Again, I said straight up that Java is not a good target platform to assume reasonable native translation from 6502 code, and I care more about figuring out what unknown 6502 code does than how it's expressed in other languages. Porting 6502 to the JVM is your bone to pick here, not mine. The particular example you brought up worked out in expressability, which is a separate issue than typecast attempts.
Quote:
1) To demonstrate the JMP (x) problem is not solvable via constant propogation.
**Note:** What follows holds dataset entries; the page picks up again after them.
Lemma measurable_quadform (z : T -> 'cV[R]_4) (M : T -> 'M[R]_4)
    (s : T -> 'cV[R]_4) :
  (forall k, measurable_fun D (fun t => z t k ord0)) ->
  (forall k l, measurable_fun D (fun t => M t k l)) ->
  (forall k, measurable_fun D (fun t => s t k ord0)) ->
  measurable_fun D (fun t => quadform (z t) (M t) (s t)).
Proof.
move=> mz mM ms.
have -> : (fun t => quadform (z t) (M t) (s t)) = (fun t =>
    \sum_(l < 4) (\sum_(k < 4) z t k ord0 * M t k l) * s t l ord0).
  apply/funext => t; rewrite /quadform mxE; apply: eq_bigr => l _.
  by rewrite !mxE; congr (_ * _); apply: eq_bigr => k _; rewrite mxE.
apply: measurable_sum => l; apply: measurable_funM => //.
by apply: measurable_sum => k; exact: measurable_funM.
Qed.

Lemma measurable_Amx_entry (x1 x2 x12 : T -> R) :
  measurable_fun D x1 -> measurable_fun D x2 -> measurable_fun D x12 ->
  forall k l, measurable_fun D (fun t => Amx (x1 t) (x2 t) (x12 t) k l).
Proof.
move=> m1 m2 m12 k l; under eq_fun do rewrite mxE.
case: k => [[|[|[|[|//]]]] ?]; case: l => [[|[|[|[|//]]]] ?] /=;
  repeat first [exact: measurable_cst | assumption
               | apply: measurable_funB | apply: measurable_funD].
Qed.

Lemma measurable_svec_entry (r1 r2 : T -> R) :
  measurable_fun D r1 -> measurable_fun D r2 ->
  forall k, measurable_fun D (fun t => svec (r1 t) (r2 t) k ord0).
Proof.
move=> m1 m2 k; under eq_fun do rewrite mxE.
case: k => [[|[|[|[|//]]]] ?] /=;
  repeat first [exact: measurable_cst | assumption
               | apply: measurable_funB | apply: measurable_funM].
Qed.

Lemma measurable_outcome_weight (x1 x2 x12 : T -> R) b1 b2 :
  measurable_fun D x1 -> measurable_fun D x2 -> measurable_fun D x12 ->
  measurable_fun D (fun t => outcome_weight (x1 t) (x2 t) (x12 t) b1 b2).
Proof.
move=> m1 m2 m12; case: b1; case: b2 => //=;
  repeat first [exact: measurable_cst | assumption | apply: measurable_funB].
Qed.
Lemma invariant_step s s' : invariant s -> cgs_step iota le I s s' -> invariant s'.
Proof.
move=> inv step; case: step inv
  => [T1 a T2 H G _ Va | T1 a T2 H G NV _ _ [candNV _ _] | T H b P hb | T H b P _] inv.
- have aKA := todo_subKA inv (List.in_elt _ _ _).
  apply: (invariant_remove inv)
    => [b [<-|[]] | b c [<-|[]] [<-|[]] // | b [<-|[]] p []//].
  by split; [exact: subI_gof | exact: Vdiff_ne_not_subI Va].
- have aKA := todo_subKA inv (List.in_elt _ _ _).
  apply: (invariant_remove inv)
    => [b /candNV[cand _] | b c bNV /candNV[_ minc] | b /candNV[cand _]].
  + exact: candP_strict aKA cand.
  + exact: minc (proj1 (candNV b bNV)).
  + exact: candP_subKA cand.
- exact: invariant_add.
- case: inv => /= listed maximal pmax pmin subKA psubKA ordered.
  by split=> //= [p z pP | p q pP qP | p pP]; [apply: pmax | apply: pmin | apply: psubKA];
    right.
Qed.

Lemma invariant_reachable s : reachable iota le I s -> invariant s.
Proof. by elim=> [|s0 s1 _ inv]; [exact: invariant_init | exact: invariant_step]. Qed.

Definition antichain (l : seq ideal) : Prop :=
  forall i j, (i < size l)%N -> (j < size l)%N -> i <> j ->
  ~ subI (nth (fun _ => False) l i) (nth (fun _ => False) l j).

Lemma invariant_todo_antichain s : invariant s -> antichain (todo s).
Proof.
case=> listed maximal _ _ _ _ ordered i j hi hj /eqP; rewrite neq_ltn => /orP[ij | ji].
- by apply: ForallOrdPairs_nth ordered _; rewrite ij.
- move=> sub; apply: (ForallOrdPairs_nth _ ordered (i := j) (j := i)); first by rewrite ji.
  exact: maximal (In_nth _ hi) (listed _ (In_nth _ hj)) sub.
Qed.

End Execution.

Theorem theorem4 (K : fieldType) (NA NX : nat)
    (L : closedFieldType) (iota : {rmorphism K -> L})
    (* L is an algebraic closure of K (via iota) *)
    (Lalg : forall x : L, exists2 p : {poly K}, p != 0 & root (map_poly iota p) x)
    (le : rel 'X_{1..NA + NX}) (Hterm : term_order le) (Helim : X_elim le)
    (I : {mpoly K[NA + NX]} -> Prop) (HI : is_ideal I)
    (T H : seq ({mpoly K[NA + NX]} -> Prop)) (b : {mpoly K[NA + NX]} -> Prop)
    (P : seq ({mpoly K[NA + NX]} -> Prop)) :
  reachable iota le I (mkState T H (b :: P)) ->
  (* b is added to VanishingToDo at this point *)
  ~ (exists z, List.In z T /\ subI z b) ->
  [/\ (* (1) *) (forall z, List.In z T -> ~ subI z b),
      (* (2) *) (forall z, List.In z H -> ~ subI b z)
    & (* (3) *) (forall i j, (i < size (T ++ [:: b]))%N -> (j < size (T ++ [:: b]))%N ->
         i <> j ->
         ~ subI (nth (fun _ => False) (T ++ [:: b]) i) (nth (fun _ => False) (T ++ [:: b]) j))].
Proof.
move=> reach hb; have inv := invariant_reachable reach.
split.
- by move=> z zT zb; apply: hb; exists z.
- exact: added_not_below_listed inv hb.
- exact: invariant_todo_antichain (invariant_add inv hb).
Qed.
Theorem theorem2p7 (R : realType) (E : tvsType R)
  (hE : hausdorff_space E) (ntE : exists x : E, x != 0)
  (T : set (E * (E -> R))) (hT : monotone_nonempty T) :
  ((forall V : set E, open_convex V -> V `&` dom_op T !=set0 ->
      [set x | exists xs, is_dual xs /\
         (fitz (restr_op T V) (x, xs) < (xs x)%:E)%E] `&` V
      `<=` closure (dom_op T)) ->
    convex_set (closure (dom_op T) : set (convex_lmodType E)))
  /\ (locatable T (closure (dom_op T)) ->
    convex_set (closure (dom_op T) : set (convex_lmodType E)))
  /\ (locally_NI T ->
    convex_set (closure (dom_op T) : set (convex_lmodType E))).
Proof.
split; first exact: convex_closure_dom.
split=> [T_loc | T_NI]; apply: convex_closure_dom => // V oV VD x [[xs [dxs lt_c]] Vx].
- by apply: (T_loc V oV VD x); split => //; exists xs; split => //; exact: ltW.
- by have := T_NI V oV VD x xs Vx dxs; rewrite leNgt lt_c.
Qed.
(* Let $T$ be a (rooted or unrooted) phylogenetic tree on a fixed leaf set, let $T^{-\rho}$ denote the unrooted tree obtained from $T$ by suppressing its root vertex if it has one (so $T^{-\rho}=T$ if $T$ is unrooted), and let $\theta\in\Theta(T)$. Suppose $k$ site patterns are generated independently and identically distributed according to ${\bf s}(T,\theta)$, and let $\hat{\bf s}$ be the resulting empirical distribution (proportions) of site patterns. Let $\psi$ be a tree reconstruction method satisfying the following condition ( * ): for every tree $T'$ for which $T'^{-\rho}$ is fully resolved (binary) and every $\theta'\in\Theta(T')$, there exists $\epsilon=\epsilon_{(T',\theta')}>0$ such that for every probability distribution $\hat{\bf f}$ on site patterns, $\|\hat{\bf f}-{\bf s}(T',\theta')\|<\epsilon$ implies $\psi(\hat{\bf f})=\{T'^{-\rho}\}$. Then, as $k\to\infty$: (i) for every edge $e$ of $T^{-\rho}$, the bootstrap support of $e$ converges in probability to $1$; and (ii) the bootstrap support for $T^{-\rho}$, namely ${\mathbb P}(\psi(\hat{\bf s}^* )=\{T^{-\rho}\}\mid \hat{\bf s})$, converges in probability to $1$.
   Context: For each phylogenetic tree $T$, $\theta$ is a vector of continuous parameters (including strictly positive finite branch lengths of $T$ and possibly other continuous model parameters) ranging over a set $\Theta=\Theta(T)$, an open subset of Euclidean space. A stochastic model of character evolution assigns to each pair $(T,\theta)$ a probability distribution ${\bf s}(T,\theta)$ on discrete, finite-state characters (site patterns) at the leaves of $T$, and the map $\theta\mapsto{\bf s}(T,\theta)$ is assumed continuous. A tree reconstruction method $\psi$ is any map assigning to each distribution $\hat{\bf f}$ of site pattern frequencies a set of one or more unrooted phylogenetic trees. $\|\cdot\|$ denotes any of the usual norms on Euclidean space. Given $\hat{\bf s}$ (from $k$ sites), $\hat{\bf s}^*$ denotes the empirical frequency distribution of site patterns in an i.i.d. sample of $k$ site patterns drawn from the distribution $\hat{\bf s}$ (a bootstrap sample). The bootstrap support of an edge $e$ of an unrooted phylogenetic tree $T'$ is the expected proportion (over bootstrap samples, conditional on $\hat{\bf s}$) of bootstrap samples for which a tree chosen uniformly at random from $\psi(\hat{\bf s}^* )$ has an edge inducing the same split of the leaf set as $e$ does in $T'$. The bootstrap support for $T'$ is the random variable ${\mathbb P}(\psi(\hat{\bf s}^* )=\{T'\}\mid\hat{\bf s})$.
   Formalization: Both conclusions are asserted only for trees T whose unrooted tree $T^{-\rho}$ is fully resolved (binary), rather than for every rooted or unrooted phylogenetic tree T. The statement above fails without it. *)

From HB Require Import structures.
From mathcomp Require Import all_boot all_order all_algebra.
From mathcomp Require Import all_classical all_reals all_analysis.
Set Implicit Arguments. Unset Strict Implicit. Unset Printing Implicit Defensive.
Import Order.TTheory GRing.Theory Num.Theory.
Import numFieldNormedType.Exports.
Local Open Scope classical_set_scope.
Local Open Scope ring_scope.

Section Phylo.
Variable R : realType.
Variable Pat : finType.

Definition is_dist (f : {ffun Pat -> R}) : Prop :=
  (forall x, 0 <= f x) /\ \sum_x f x = 1.

Definition pdist (f g : {ffun Pat -> R}) : R := \sum_x `|f x - g x|.

Definition empirical (k : nat) (w : {ffun 'I_k -> Pat}) : {ffun Pat -> R} :=
  [ffun x => #|[set i | w i == x]|%:R / k%:R].

Definition sample_prob (k : nat) (p : {ffun Pat -> R}) (w : {ffun 'I_k -> Pat}) : R :=
  \prod_i p (w i).

Definition sample_expect (k : nat) (p : {ffun Pat -> R})
  (g : {ffun 'I_k -> Pat} -> R) : R :=
  \sum_w sample_prob p w * g w.

Definition sample_event_prob (k : nat) (p : {ffun Pat -> R})
  (A : pred {ffun 'I_k -> Pat}) : R :=
  \sum_(w | A w) sample_prob p w.

Definition cvg_in_prob_to_1 (p : {ffun Pat -> R})
  (X : forall k : nat, {ffun 'I_k -> Pat} -> R) : Prop :=
  forall eps : R, 0 < eps ->
    (fun k : nat => sample_event_prob p (fun w : {ffun 'I_k -> Pat} =>
        eps < `|X k w - 1|)) @ \oo --> (0 : R).

Variable UT : finType.  (* unrooted phylogenetic trees on the fixed leaf set *)
Variable Edge : UT -> finType.
Variable Split : eqType.
Variable esplit : forall U : UT, Edge U -> Split.

Definition has_split (U : UT) (sigma : Split) : bool :=
  [exists e : Edge U, esplit e == sigma].

Definition unif_prob (S : {set UT}) (P : pred UT) : R :=
  #|[set U in S | P U]|%:R / #|S|%:R.

Definition edge_bootstrap_support (psi : {ffun Pat -> R} -> {set UT})
  (k : nat) (shat : {ffun Pat -> R}) (U : UT) (e : Edge U) : R :=
  sample_expect shat (fun wstar : {ffun 'I_k -> Pat} =>
    unif_prob (psi (empirical wstar)) (fun U' => has_split U' (esplit e))).

Definition tree_bootstrap_support (psi : {ffun Pat -> R} -> {set UT})
  (k : nat) (shat : {ffun Pat -> R}) (U : UT) : R :=
  sample_expect shat (fun wstar : {ffun 'I_k -> Pat} =>
    (psi (empirical wstar) == [set U]%SET)%:R).

End Phylo.

(** Condition (star) at the true parameter gives a radius [2 delta] around
    [p = s(T, theta)] on which [psi] returns [{T^{-rho}}].  Chebyshev's
    inequality for the sum of squared deviations of an empirical distribution
    from its source bounds the probability that [k] sites drawn from any
    distribution [q] land at L1-distance at least [delta] from [q] by [C / k],
    with [C] independent of [q].  Applied to the data, [shat] is within
    [delta] of [p] except with probability [C / k]; applied to a bootstrap
    resample drawn from such an [shat], the resample is within [2 delta] of
    [p] except with probability [C / k], and there [psi] returns
    [{T^{-rho}}], which carries every edge of [T^{-rho}]. *)

From HB Require Import structures.
From mathcomp Require Import all_boot all_order all_algebra.
From mathcomp Require Import all_classical all_reals all_analysis.
From mathcomp Require Import ring lra.
Set Implicit Arguments. Unset Strict Implicit. Unset Printing Implicit Defensive.
Import Order.TTheory GRing.Theory Num.Theory.
Import numFieldNormedType.Exports.
Local Open Scope classical_set_scope.
Local Open Scope ring_scope.

Section Sampling.
Variables (R : realType) (Pat : finType).
Implicit Types (p q f g : {ffun Pat -> R}) (k : nat).

Lemma dist_le1 q x : is_dist q -> q x <= 1.
Proof.
move=> [q_ge0 q_sum1]; rewrite -q_sum1 (bigD1 x) //= lerDl.
by apply: sumr_ge0 => y _; apply: q_ge0.
Qed.

Lemma sum_mul_eq q x : \sum_y q y * (y == x)%:R = q x.
Proof.
rewrite (bigD1 x) //= eqxx mulr1 big1 ?addr0 // => y /negbTE ->.
by rewrite mulr0.
Qed.

Lemma sample_prob_ge0 k q (w : {ffun 'I_k -> Pat}) :
  (forall x, 0 <= q x) -> 0 <= sample_prob q w.
Proof. by move=> q_ge0; apply: prodr_ge0 => i _; apply: q_ge0. Qed.

Lemma sample_expect_prod k q (h : 'I_k -> Pat -> R) :
  sample_expect q (fun w => \prod_i h i (w i)) = \prod_i \sum_y q y * h i y.
Proof.
rewrite /sample_expect bigA_distr_bigA /=.
by apply: eq_bigr => w _; rewrite /sample_prob -big_split.
Qed.

Lemma sum_sample_prob k q :
  is_dist q -> \sum_(w : {ffun 'I_k -> Pat}) sample_prob q w = 1.
Proof.
move=> [_ q_sum1]; rewrite /sample_prob.
rewrite -(bigA_distr_bigA (fun (_ : 'I_k) y => q y)) /=.
by rewrite (eq_bigr (fun _ => 1)) ?prodr_const ?expr1n.
Qed.

Lemma sample_expect_cst k q c :
  is_dist q -> sample_expect q (fun _ : {ffun 'I_k -> Pat} => c) = c.
Proof. by move=> q_dist; rewrite /sample_expect -mulr_suml sum_sample_prob ?mul1r. Qed.

Lemma sample_expect_sum k q (I : finType) (g : I -> {ffun 'I_k -> Pat} -> R) :
  sample_expect q (fun w => \sum_j g j w) = \sum_j sample_expect q (g j).
Proof.
rewrite /sample_expect exchange_big /=.
by apply: eq_bigr => w _; rewrite mulr_sumr.
Qed.

Lemma sample_expectZ k q c (g : {ffun 'I_k -> Pat} -> R) :
  sample_expect q (fun w => c * g w) = c * sample_expect q g.
Proof. by rewrite /sample_expect mulr_sumr; apply: eq_bigr => w _; rewrite mulrCA. Qed.

Lemma sample_expectB k q (g h : {ffun 'I_k -> Pat} -> R) :
  sample_expect q (fun w => g w - h w) = sample_expect q g - sample_expect q h.
Proof. by rewrite /sample_expect -sumrB; apply: eq_bigr => w _; rewrite mulrBr. Qed.

Lemma ler_sample_expect k q (g h : {ffun 'I_k -> Pat} -> R) :
  (forall x, 0 <= q x) -> (forall w, g w <= h w) ->
  sample_expect q g <= sample_expect q h.
Proof.
move=> q_ge0 le_gh; apply: ler_sum => w _.
by apply: ler_wpM2l; [apply: sample_prob_ge0 | apply: le_gh].
Qed.

Lemma sample_expect_le1 k q (g : {ffun 'I_k -> Pat} -> R) :
  is_dist q -> (forall w, g w <= 1) -> sample_expect q g <= 1.
Proof.
move=> q_dist g_le1; rewrite -(sample_expect_cst k 1 q_dist).
exact: ler_sample_expect (proj1 q_dist) g_le1.
Qed.

Lemma sample_event_probE k q (A : pred {ffun 'I_k -> Pat}) :
  sample_event_prob q A = sample_expect q (fun w => (A w)%:R).
Proof.
rewrite /sample_event_prob /sample_expect big_mkcond /=.
by apply: eq_bigr => w _; case: (A w); rewrite ?mulr1 ?mulr0.
Qed.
It is not always solvable via constant propagation. I never claimed it was, and pointed out your misrepresentation of this multiple times. If the variable is treated by the code under scrutiny as a simple enumeration of literal addresses, then in that particular case the problem of what x can hold is solvable. (again, replace "address" with "type" or whatever, and the concept is platform-agnostic)
Quote:
2) To demonstrate that certain 6502 code sequences are not natively implementable in Java bytecode because Java bytecode is limited, because it is designed to allow static code analysis.
...which is exactly why non-literal transformation would be required. Such transformation is potentially, but not always, possible with complexities approaching the halting problem. The particular example presented did allow for algorithmic transformation of 6502 stack hackery into a clean Java method call, and is a great case for when such analysis is fruitful.
Quote:
You seem to consider yourself very knowledgeable about compiler optimizations.
I mentioned them in passing reference. Garth already pointed to your resume, which I read, and thought optimization would be an apt parallel to the issue of constraints surrounding the usability of a technique, which you listed as a negative trait. Code analysis and potential recompilation as discussed here are non-optimizing transformations, as far as I'm concerned. My focus is reverse-engineering.
Quote:
The problem that I see is that you have latched onto this idea that this is a problem which can be solved by a compiler optimization, even after I have pointed out the holes in the proposed solution.
1) Constness is simply a predicate, not an optimization as used here. 2) You correctly point out holes in things that I didn't say, and I agree.
Quote:
First, you think cprop will solve the problem. I point out it doesn't handle the PRIMM case.
Your solution is to simulate execution of the code in order to derive the correct values.
I will point out (for some cases) that values are dependent on values in NES hardware registers.
Your solution will be to simulate the NES hardware during recompilation... recompilation... recompilation...
At every step, I noted the boundaries of tractability. The point is that if it doesn't work everywhere, some progress on analyzing a piece of code is better than no progress. Those who refuse to do any such analysis because its applicability is contextual make no progress on automatically reversing any particular code sample. Too many people simply throw their hands up and walk away from the concept in general, but some immediate chipping can be made at these barriers.
Complete coverage of everything needed to resolve everything would be nice. This is feasible on the low end and known to be impossible on the high end of complexity. The point is to raise that low end, not to claim all is possible.
Plus, again, I'm talking about reverse engineering analyses that might be useful in recompilation, not about the end goal of recompilation and all it would require.
(I also realized that I made reference to the crowdfunding guy in a prior post; sorry, wrong thread)
PS. I continue in good faith of interesting technical discussion and resolving misunderstandings, not argumentative rage.